Indeed, "The Day After Tomorrow" is a teachable moment only with regard to the playbook of the alarmist wing of the environmental movement. An impeachable moment, if you will.

When a heat wave occurs, the alarmists blame it on global warming. When a cold snap occurs, the alarmists blame this, too, on global warming.

And if the weather neither cools nor warms, the alarmists can blame that, too, on global warming, as everybody knows the weather is always changing.

The alarmists and their sychophants in the media chant the mantra, "a consensus of scientists" believe human activity is causing catastrophic climate change.

But who are those scientists? Not the scientists who contributed to the International Panel on Climate Change reports, since they were not asked to endorse the "summary for policymakers" that claims a link exists between human activities and climate change.

Thousands of scientists worldwide -- an overwhelming consensus, it could easily be argued -- have rejected the alarmist's global warming theory. More than 17,000 of them, including dozens of Nobel laureates, have signed a petition saying no convincing scientific evidence supports the theory of catastrophic global warming.

You can read the petition for yourself at www.oism.org/pproject/s33p357.htm.

And what of the supposed evidence of global warming? Computer models, whose programs are written by the global warming alarmists themselves, predictably foretell future warming. But we know those computer models are wrong because they inflate estimates of human greenhouse gas emissions and have "fudge factors" larger than the effect they claim to find.
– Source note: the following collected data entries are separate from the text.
(* Let $n\ge2$, $A_0,\dots,A_{n-1}\in\mathbb{R}$, $A_n=1$, $F(a)=\sum_{k=0}^nA_ka^k$. Let $x(a)$ be a smooth function on an open interval $I\subset(0,\infty)$ with $\dot x\neq 0$, and on $I\times\mathbb{R}$ let $H=\Pi^2+aP_y^2$, $\Pi=\frac{a}{\dot x}P_a$, $G=\sum_{k=0}^nA_kH^kP_y^{2(n-k)}$. Let $$Q_1=\sum_{k=1}^n b_k(a)\,\Pi^{2k-1}P_y^{2(n-k)+1}$$ with smooth functions $b_k$ of $a$, and $S_1=Q_1+yG$. Then $\{H,S_1\}=0$ if and only if, for every $k\in\{1,\dots,n\}$, $$b_k=\sum_{s=1}^k\frac{F^{(k-s)}}{(k-s)!}\,\frac{D_a^s x}{(1/2)_s}=\mathrm{Op}_k[F]x-\frac{F^{(k)}}{k!}\,x,$$ and $x$, after adding a suitable constant (which does not change $H$), satisfies the linear homogeneous ODE of order $n$ $$\mathrm{Op}_n[F]\,x=0 .$$
   Context: $D_a=d/da$, $F^{(m)}=D_a^mF$, a dot denotes $d/da$; $\{\cdot,\cdot\}$ is the canonical Poisson bracket with $(P_a,P_y)$ conjugate to $(a,y)$. Pochhammer symbol: $(z)_0=1$, $(z)_s=z(z+1)\cdots(z+s-1)$. For a polynomial $F$ and integer $m\ge0$, the linear differential operator $\mathrm{Op}_m[F]=\sum_{s=0}^m\frac{F^{(m-s)}}{(m-s)!}\frac{1}{(1/2)_s}D_a^s$. *)

From Stdlib Require Import Reals Factorial.
From Coquelicot Require Import Coquelicot.
Open Scope R_scope.

Fixpoint poch (z : R) (s : nat) : R :=
  match s with
  | O => 1
  | S s' => poch z s' * (z + INR s')
  end.

Definition inI (l : R) (r : Rbar) (a : R) : Prop := l < a /\ Rbar_lt (Finite a) r.

Definition Fpoly (A : nat -> R) (n : nat) (a : R) : R :=
  sum_f_R0 (fun k => A k * a ^ k) n.

Definition Op (m : nat) (F : R -> R) (g : R -> R) (a : R) : R :=
  sum_f_R0 (fun s => Derive_n F (m - s) a / INR (fact (m - s))
                      * / poch (1/2) s * Derive_n g s a) m.

(* Phase-space functions of (a, y, P_a, P_y). *)
Definition PhaseFun := R -> R -> R -> R -> R.

Definition pbracket (f g : PhaseFun) (a y pa py : R) : R :=
    Derive (fun t => f t y pa py) a * Derive (fun t => g a y t py) pa
  - Derive (fun t => f a y t py) pa * Derive (fun t => g t y pa py) a
  + Derive (fun t => f a t pa py) y * Derive (fun t => g a y pa t) py
  - Derive (fun t => f a y pa t) py * Derive (fun t => g a t pa py) y.

Definition Pi (x : R -> R) (a pa : R) : R := a / Derive x a * pa.

Definition Ham (x : R -> R) : PhaseFun :=
  fun a y pa py => (Pi x a pa) ^ 2 + a * py ^ 2.

Definition Gfun (A : nat -> R) (n : nat) (x : R -> R) : PhaseFun :=
  fun a y pa py => sum_f_R0 (fun k => A k * (Ham x a y pa py) ^ k * py ^ (2 * (n - k))) n.

(* Q_1 = sum_{k=1}^n b_k(a) Pi^{2k-1} P_y^{2(n-k)+1}  (index j = k-1) *)
Definition Q1 (b : nat -> R -> R) (n : nat) (x : R -> R) : PhaseFun :=
  fun a y pa py => sum_f_R0 (fun j =>
     b (S j) a * (Pi x a pa) ^ (2 * S j - 1) * py ^ (2 * (n - S j) + 1)) (n - 1).

Definition S1 (A : nat -> R) (b : nat -> R -> R) (n : nat) (x : R -> R) : PhaseFun :=
  fun a y pa py => Q1 b n x a y pa py + y * Gfun A n x a y pa py.

From Stdlib Require Import Reals Factorial Lia Lra.
From Coquelicot Require Import Coquelicot.
Open Scope R_scope.

(* Since H does not depend on y and G is a polynomial in H and P_y, the y-terms of
   {H, S_1} cancel and {H, S_1} = (a/xdot) (P_y^2 d_Pi Q_1 - 2 Pi d_a Q_1) - 2 a P_y G.
   With u = Pi^2, v = P_y^2 and Taylor's formula G = sum_j F^(j)(a)/j! u^j v^(n-j), this is
   2 a P_y / xdot times sum_j c_j(a) u^j v^(n-j), where
   c_j = (j + 1/2) b_(j+1) - D_a b_j - xdot F^(j)/j!  (b_0 = b_(n+1) = 0);
   as u ranges over (0, oo), the bracket vanishes iff every c_j does.
   The functions B_k = Op_k[F] x - F^(k)/k! x satisfy B_0 = 0 and
   D_a B_k = (k + 1/2) B_(k+1) - xdot F^(k)/k!, so c_0 = ... = c_(n-1) = 0 forces b_k = B_k,
   after which c_n = - D_a (Op_n[F] x): the last condition says Op_n[F] x is constant on I. *)

Lemma is_derive_sum_f_R0 (f : nat -> R -> R) (df : nat -> R) (N : nat) (t : R) :
  (forall k, (k <= N)%nat -> is_derive (f k) t (df k)) ->
  is_derive (fun s => sum_f_R0 (fun k => f k s) N) t (sum_f_R0 df N).
Proof.
  intros Hf. rewrite <- sum_n_Reals.
  apply (is_derive_ext (fun s => sum_n (fun k => f k s) N)).
  - intros s. apply sum_n_Reals.
  - exact (is_derive_sum_n f N t df Hf).
Qed.

Lemma sum_f_R0_zero (N : nat) : sum_f_R0 (fun _ => 0) N = 0.
Proof. rewrite sum_cte. ring. Qed.

Lemma sum_f_R0_pow0_l (g : nat -> R) (N : nat) : sum_f_R0 (fun j => g j * 0 ^ j) N = g 0%nat.
Proof. induction N as [|N IH]; simpl; [ring | rewrite IH; ring]. Qed.

Lemma sum_f_R0_pow0_r (g : nat -> R) (N : nat) : sum_f_R0 (fun j => g j * 0 ^ (N - j)) N = g N.
Proof.
  destruct N as [|N]; [simpl; ring|].
  rewrite tech5, Nat.sub_diag, (sum_eq _ (fun _ => 0)), sum_f_R0_zero; [simpl; ring|].
  intros j Hj. replace (S N - j)%nat with (S (N - j)) by lia. simpl. ring.
Qed.

Lemma inI_locally (l : R) (r : Rbar) (a : R) : inI l r a -> locally a (inI l r).
Proof.
  apply (open_and (fun t : R => Rbar_lt l t) (fun t : R => Rbar_lt t r)).
  - apply open_Rbar_gt.
  - apply open_Rbar_lt.
Qed.

Lemma inI_between (l : R) (r : Rbar) (a b t : R) :
  inI l r a -> inI l r b -> Rmin a b <= t <= Rmax a b -> inI l r t.
Proof.
  unfold inI, Rmin, Rmax. intros [Ha1 Ha2] [Hb1 Hb2] Ht.
  destruct (Rle_dec a b); (split; [lra|]); destruct r; simpl in *; auto; lra.
Qed.

Lemma inI_nonempty (l : R) (r : Rbar) : Rbar_lt l r -> exists a, inI l r a.
Proof.
  destruct r as [r| |]; simpl; intros H; try contradiction.
  - exists ((l + r) / 2). unfold inI; simpl; lra.
  - exists (l + 1). unfold inI; simpl; split; [lra | exact I].
Qed.

Lemma is_derive_0_const_inI (l : R) (r : Rbar) (f : R -> R) :
  (forall t, inI l r t -> is_derive f t 0) ->
  forall a b, inI l r a -> inI l r b -> f a = f b.
Proof.
  intros Hd a b Ha Hb.
  assert (Hab : forall t, Rmin a b <= t <= Rmax a b -> is_derive f t 0)
    by (intros t Ht; apply Hd, (inI_between l r a b); auto).
  destruct (MVT_gen f a b (fun _ => 0)) as [c [_ Hc]].
  - intros t Ht. apply Hab. lra.
  - intros t Ht. apply continuity_pt_filterlim.
    apply (ex_derive_continuous f). eexists. exact (Hab t Ht).
  - lra.
Qed.

Lemma Derive_ext_inI (l : R) (r : Rbar) (f g : R -> R) (a : R) :
  (forall t, inI l r t -> f t = g t) -> inI l r a -> Derive f a = Derive g a.
Proof.
  intros Hfg Ha. apply Derive_ext_loc.
  eapply filter_imp; [exact Hfg | exact (inI_locally l r a Ha)].
Qed.

Definition poly (N : nat) (c : nat -> R) (t : R) : R := sum_f_R0 (fun k => c k * t ^ k) N.

Definition deriv_coef (c : nat -> R) (k : nat) : R := c (S k) * INR (S k).

Fixpoint deriv_coef_iter (m : nat) (c : nat -> R) : nat -> R :=
  match m with O => c | S m' => deriv_coef (deriv_coef_iter m' c) end.

Lemma deriv_coef_iter_val (m : nat) (c : nat -> R) (k : nat) :
  deriv_coef_iter m c k = c (k + m)%nat * INR (fact (k + m)) / INR (fact k).
Proof.
  revert k. induction m as [|m IH]; intros k; simpl.
  - rewrite Nat.add_0_r. field. apply INR_fact_neq_0.
  - unfold deriv_coef. rewrite IH. replace (S k + m)%nat with (k + S m)%nat by lia.
    change (fact (S k)) with (S k * fact k)%nat. rewrite mult_INR.
    field. split; [apply INR_fact_neq_0 | apply not_0_INR; lia].
Qed.

Lemma poly_is_derive (N : nat) (c : nat -> R) (t : R) :
  is_derive (poly N c) t (sum_f_R0 (fun k => c k * (INR k * t ^ pred k)) N).
Proof.
  apply (is_derive_sum_f_R0 (fun k s => c k * s ^ k)).
  intros k _. auto_derive; [exact I | ring].
Qed.

Lemma poly_S_is_derive (N : nat) (c : nat -> R) (t : R) :
  is_derive (poly (S N) c) t (poly N (deriv_coef c) t).
Proof.
  replace (poly N (deriv_coef c) t) with (sum_f_R0 (fun k => c k * (INR k * t ^ pred k)) (S N)).
  - apply poly_is_derive.
  - rewrite decomp_sum by lia. simpl pred. change (INR 0) with 0.
    rewrite Rmult_0_l, Rmult_0_r, Rplus_0_l.
    apply sum_eq. intros k _. unfold deriv_coef. ring.
Qed.

Lemma Derive_n_poly (N : nat) (c : nat -> R) (m : nat) (t : R) :
  (m <= N)%nat -> Derive_n (poly N c) m t = poly (N - m) (deriv_coef_iter m c) t.
Proof.
  intros Hm. replace N with (m + (N - m))%nat at 1 by lia.
  generalize (N - m)%nat as K. clear. revert t.
  induction m as [|m IH]; intros t K; simpl; [reflexivity|].
  replace (S (m + K)) with (m + S K)%nat by lia.
  rewrite (Derive_ext _ (poly (S K) (deriv_coef_iter m c))) by (intros; apply IH).
  apply is_derive_unique, poly_S_is_derive.
Qed.

Definition taylor_coef (F : R -> R) (m : nat) (a : R) : R := Derive_n F m a / INR (fact m).

Lemma taylor_coef_poly_top (N : nat) (c : nat -> R) (t : R) : taylor_coef (poly N c) N t = c N.
Proof.
  unfold taylor_coef. rewrite Derive_n_poly, Nat.sub_diag by lia.
  unfold poly; simpl. rewrite deriv_coef_iter_val. simpl. field. apply INR_fact_neq_0.
Qed.

Lemma Derive_n_poly_high (N : nat) (c : nat -> R) (m : nat) (t : R) :
  (N < m)%nat -> Derive_n (poly N c) m t = 0.
Proof.
  intros Hm. revert t. induction Hm as [|m _ IH]; intros t; simpl.
  - rewrite (Derive_ext _ (fun _ => deriv_coef_iter N c 0%nat * 1)); [apply Derive_const|].
    intros s. rewrite Derive_n_poly, Nat.sub_diag by lia. reflexivity.
  - rewrite (Derive_ext _ (fun _ => 0)) by exact IH. apply Derive_const.
Qed.

Lemma ex_derive_Derive_n_poly (N : nat) (c : nat -> R) (m : nat) (t : R) :
  ex_derive (Derive_n (poly N c) m) t.
Proof.
  destruct (Nat.le_gt_cases m N) as [Hm|Hm].
  - apply (ex_derive_ext (poly (N - m) (deriv_coef_iter m c))).
    + intros s. symmetry. apply Derive_n_poly, Hm.
    + eexists. apply poly_is_derive.
  - apply (ex_derive_ext (fun _ => 0)); [|apply ex_derive_const].
    intros s. symmetry. apply Derive_n_poly_high, Hm.
Qed.

Lemma poly_taylor (N : nat) (c : nat -> R) (a h : R) : 0 <= h ->
  poly N c (a + h) = sum_f_R0 (fun j => taylor_coef (poly N c) j a * h ^ j) N.
Proof.
  intros [Hh|<-].
  - destruct (Taylor_Lagrange (poly N c) N a (a + h)) as [z [_ Hz]]; [lra| |].
    + intros t _ [|k] _; [exact I | apply ex_derive_Derive_n_poly].
    + rewrite Hz, Derive_n_poly_high, Rmult_0_r, Rplus_0_r by lia.
      apply sum_eq. intros j _. replace (a + h - a) with h by ring.
      unfold taylor_coef. field. apply INR_fact_neq_0.
  - rewrite Rplus_0_r, sum_f_R0_pow0_l. unfold taylor_coef. simpl. field.
Qed.

Lemma poly_homogeneous_taylor (N : nat) (c : nat -> R) (a u v : R) : 0 <= u -> 0 <= v ->
  sum_f_R0 (fun k => c k * (u + a * v) ^ k * v ^ (N - k)) N
  = sum_f_R0 (fun j => taylor_coef (poly N c) j a * u ^ j * v ^ (N - j)) N.
Proof.
  intros Hu [Hv|<-].
  - assert (Hpow : forall j, (j <= N)%nat -> v ^ N = v ^ j * v ^ (N - j))
      by (intros j Hj; rewrite <- pow_add; f_equal; lia).
    transitivity (v ^ N * poly N c (a + u / v)).
    + unfold poly. rewrite scal_sum. apply sum_eq. intros k Hk.
      replace (u + a * v) with (v * (a + u / v)) by (field; lra).
      rewrite Rpow_mult_distr, (Hpow k Hk). ring.
    + rewrite poly_taylor, scal_sum by (apply Rdiv_le_0_compat; lra).
      apply sum_eq. intros j Hj.
      replace (u ^ j) with ((u / v) ^ j * v ^ j)
        by (rewrite <- Rpow_mult_distr; f_equal; field; lra).
      rewrite (Hpow j Hj). ring.
  - rewrite (sum_f_R0_pow0_r (fun k => c k * (u + a * 0) ^ k)).
    rewrite (sum_f_R0_pow0_r (fun j => taylor_coef (poly N c) j a * u ^ j)).
    rewrite taylor_coef_poly_top. f_equal. f_equal. ring.
Qed.

Lemma poly_S_shift (N : nat) (c : nat -> R) (t : R) :
  poly (S N) c t = c 0%nat + t * poly N (fun k => c (S k)) t.
Proof.
  unfold poly. rewrite decomp_sum, scal_sum by lia. simpl. f_equal; [ring|].
  apply sum_eq. intros k _. simpl. ring.
Qed.

Lemma poly_coef0_eq0_on_pos (N : nat) (c : nat -> R) :
  (forall t, 0 < t -> poly N c t = 0) -> c 0%nat = 0.
Proof.
  intros H. rewrite <- (sum_f_R0_pow0_l c N).
  apply (filterlim_locally_unique (F := at_right 0) (poly N c)).
  - apply (filterlim_filter_le_1 (F := locally 0)); [apply filter_le_within|].
    apply (ex_derive_continuous (poly N c)). eexists. apply poly_is_derive.
  - apply (filterlim_ext_loc (fun _ => 0)); [|apply filterlim_const].
    unfold at_right, within. apply filter_forall. intros t Ht. symmetry. auto.
Qed.

Lemma poly_eq0_on_pos (N : nat) (c : nat -> R) :
  (forall t, 0 < t -> poly N c t = 0) -> forall j, (j <= N)%nat -> c j = 0.
Proof.
  revert c. induction N as [|N IH]; intros c H j Hj.
  - replace j with 0%nat by lia. exact (poly_coef0_eq0_on_pos 0 c H).
  - destruct j as [|j]; [exact (poly_coef0_eq0_on_pos _ c H)|].
    apply (IH (fun k => c (S k))); [|lia].
    intros t Ht. pose proof (H t Ht) as Ht0.
    rewrite poly_S_shift, (poly_coef0_eq0_on_pos _ c H) in Ht0.
    apply (Rmult_eq_reg_l t); lra.
Qed.

Lemma poch_half_pos (s : nat) : 0 < poch (1/2) s.
Proof.
  induction s as [|s IH]; simpl; [lra|].
  apply Rmult_lt_0_compat; [exact IH|]. pose proof (pos_INR s). lra.
Qed.

(* Used with f m = F^(m)/m! and g s = x^(s)/(1/2)_s: the left summand is then the derivative
   of the s-th term of Op_k, since (1/2)_(s+1) = (s + 1/2) (1/2)_s. *)
Lemma Op_derivative_sum_identity (f g : nat -> R) (k : nat) :
  sum_f_R0 (fun s => INR (S (k - s)) * f (S (k - s)) * g s
                     + f (k - s)%nat * ((INR s + 1/2) * g (S s))) k
  = (INR k + 1/2) * sum_f_R0 (fun s => f (S k - s)%nat * g s) (S k) + 1/2 * f (S k) * g 0%nat.
Proof.
  rewrite sum_plus.
  assert (E1 : sum_f_R0 (fun s => INR (S (k - s)) * f (S (k - s)) * g s) k
             = sum_f_R0 (fun s => INR (S k - s) * f (S k - s)%nat * g s) (S k)).
  { rewrite tech5, Nat.sub_diag. simpl (INR 0). rewrite !Rmult_0_l, Rplus_0_r.
    apply sum_eq. intros i Hi. replace (S k - i)%nat with (S (k - i)) by lia. reflexivity. }
  assert (E2 : sum_f_R0 (fun s => f (k - s)%nat * ((INR s + 1/2) * g (S s))) k
             = sum_f_R0 (fun s => (INR s - 1/2) * f (S k - s)%nat * g s) (S k)
               + 1/2 * f (S k) * g 0%nat).
  { rewrite (decomp_sum _ (S k)) by lia. simpl pred. rewrite Nat.sub_0_r. simpl (INR 0).
    rewrite (sum_eq (fun i => (INR (S i) - 1/2) * f (S k - S i)%nat * g (S i))
                    (fun s => f (k - s)%nat * ((INR s + 1/2) * g (S s)))); [ring|].
    intros i _. rewrite S_INR. simpl (S k - S i)%nat. field. }
  assert (E3 : (INR k + 1/2) * sum_f_R0 (fun s => f (S k - s)%nat * g s) (S k)
             = sum_f_R0 (fun s => INR (S k - s) * f (S k - s)%nat * g s) (S k)
               + sum_f_R0 (fun s => (INR s - 1/2) * f (S k - s)%nat * g s) (S k)).
  { rewrite <- sum_plus, scal_sum. apply sum_eq. intros i Hi.
    replace (INR (S k - i)) with (INR k + 1 - INR i) by (rewrite minus_INR, S_INR by lia; reflexivity).
    field. }
  lra.
Qed.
According to these computer models, the planet should already be several degrees hotter than it is.

Polar ice caps, predicted to melt due to global warming (and, according to Hollywood's "teachable moment," triggering the next ice age), have neither grown nor shrunk during the many decades since man began tracking them.
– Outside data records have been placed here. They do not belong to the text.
Lemma lm_msupp (p : {mpoly rat[n]}) : p != 0 -> lm le p \in msupp p.
Proof.
rewrite -msupp_eq0 /lm; case: hle => _ [_ le0].
elim: (msupp p) => [//|m s IHs] _ /=.
case: s IHs => [|m' s] IHs /=; first by rewrite le0 inE eqxx.
have /(_ isT) := IHs; set F := foldr _ _ _ => F_in.
by case: ifP => _; rewrite inE ?eqxx // F_in orbT.
Qed.

Lemma msupp_le_lm (p : {mpoly rat[n]}) m : m \in msupp p -> le m (lm le p).
Proof.
rewrite /lm; case: hle => [[refl [_ [trans tot]]] _].
elim: (msupp p) => [//|m' s IHs] /=; set F := foldr _ _ _.
rewrite inE => /predU1P [->|m_in].
  by case: ifP => [_|h]; [apply: refl | case/orP: (tot F m'); rewrite ?h].
by case: ifP => [h|_]; [apply: trans (IHs m_in) h | apply: IHs].
Qed.

Lemma lm_binomial m1 m2 : m1 != m2 ->
  lm le ('X_[m1] - 'X_[m2] : {mpoly rat[n]}) = if le m1 m2 then m2 else m1.
Proof.
set f := _ - _ => ne12.
have f_neq0 : f != 0 by rewrite mpolyXB_eq0.
have [f1 f2] : f@_m1 = 1 /\ f@_m2 = -1.
  by rewrite !mcoeffB !mcoeffX !eqxx (negbTE ne12) eq_sym (negbTE ne12) subr0 sub0r.
have m1_in : m1 \in msupp f by rewrite mcoeff_msupp f1 oner_neq0.
have m2_in : m2 \in msupp f by rewrite mcoeff_msupp f2 oppr_eq0 oner_neq0.
have /msuppB_le := lm_msupp f_neq0; rewrite !msuppX mem_cat !inE => /orP [] /eqP lmE.
  case: ifP => // le12; rewrite lmE; apply: mo_anti le12 _.
  by rewrite -lmE; apply: msupp_le_lm.
case: ifP => // /negbT nle12; have := msupp_le_lm m1_in.
by rewrite lmE (negbTE nle12).
Qed.

End MonomialOrder.

Section Ideal.
Variable n : nat.
Implicit Types (gs hs : seq {mpoly rat[n]}) (f g h p q : {mpoly rat[n]}).

Lemma in_idealP gs f : in_ideal gs f <->
  exists c : nat -> {mpoly rat[n]}, f = \sum_(i < size gs) c i * gs`_i.
Proof.
split=> [[cs [_ ->]]|[c ->]]; first by exists (nth 0 cs).
exists (mkseq c (size gs)); rewrite size_mkseq; split=> //.
by apply: eq_bigr => i _; rewrite nth_mkseq.
Qed.

Lemma in_ideal0 gs : in_ideal gs 0.
Proof. by apply/in_idealP; exists (fun=> 0); rewrite big1 // => i _; rewrite mul0r. Qed.

Lemma in_idealD gs f g : in_ideal gs f -> in_ideal gs g -> in_ideal gs (f + g).
Proof.
move=> /in_idealP [c1 ->] /in_idealP [c2 ->]; apply/in_idealP.
by exists (fun i => c1 i + c2 i); rewrite -big_split; apply: eq_bigr => i _; rewrite mulrDl.
Qed.

Lemma in_idealMl gs h f : in_ideal gs f -> in_ideal gs (h * f).
Proof.
move=> /in_idealP [c ->]; apply/in_idealP; exists (fun i => h * c i).
by rewrite mulr_sumr; apply: eq_bigr => i _; rewrite mulrA.
Qed.

Lemma in_idealMr gs h f : in_ideal gs f -> in_ideal gs (f * h).
Proof. by rewrite mulrC; apply: in_idealMl. Qed.

Lemma in_idealZ gs (c : rat) f : in_ideal gs f -> in_ideal gs (c *: f).
Proof. by rewrite -mul_mpolyC; apply: in_idealMl. Qed.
Sea level has risen slowly ever since the last ice age, long before mankind could have been a factor.

Ground-based temperature readings, which alarmists quote every year, do show a warming trend, but not when corrected for the "heat island effect" of roads, buildings, and appliances in cities.

Heat sensors in rural areas show no warming. Satellites, which measure the entirety of the planet's surface and are immune to the localized false warming indications of urban heat islands, show no global warming trend.

Most recent and unbiased scientific research indicates that temperature change caused by rising concentrations of greenhouse gases will be moderate, perhaps 1 degree Celsius in the next century; most of the warming will occur at night and during the winter; and higher concentrations of atmospheric carbon dioxide (which plant life needs to thrive and survive) will lead to a greening of the planet that will enhance global food production.

To be sure, there are some wonderful cinematic special effects in the first half of "The Day After Tomorrow." But if you plan to see the movie and would prefer not to be insulted by kindergarten science, come prepared to turn off your brain for a couple of hours and enjoy the movie for what it is: Hollywood fancy.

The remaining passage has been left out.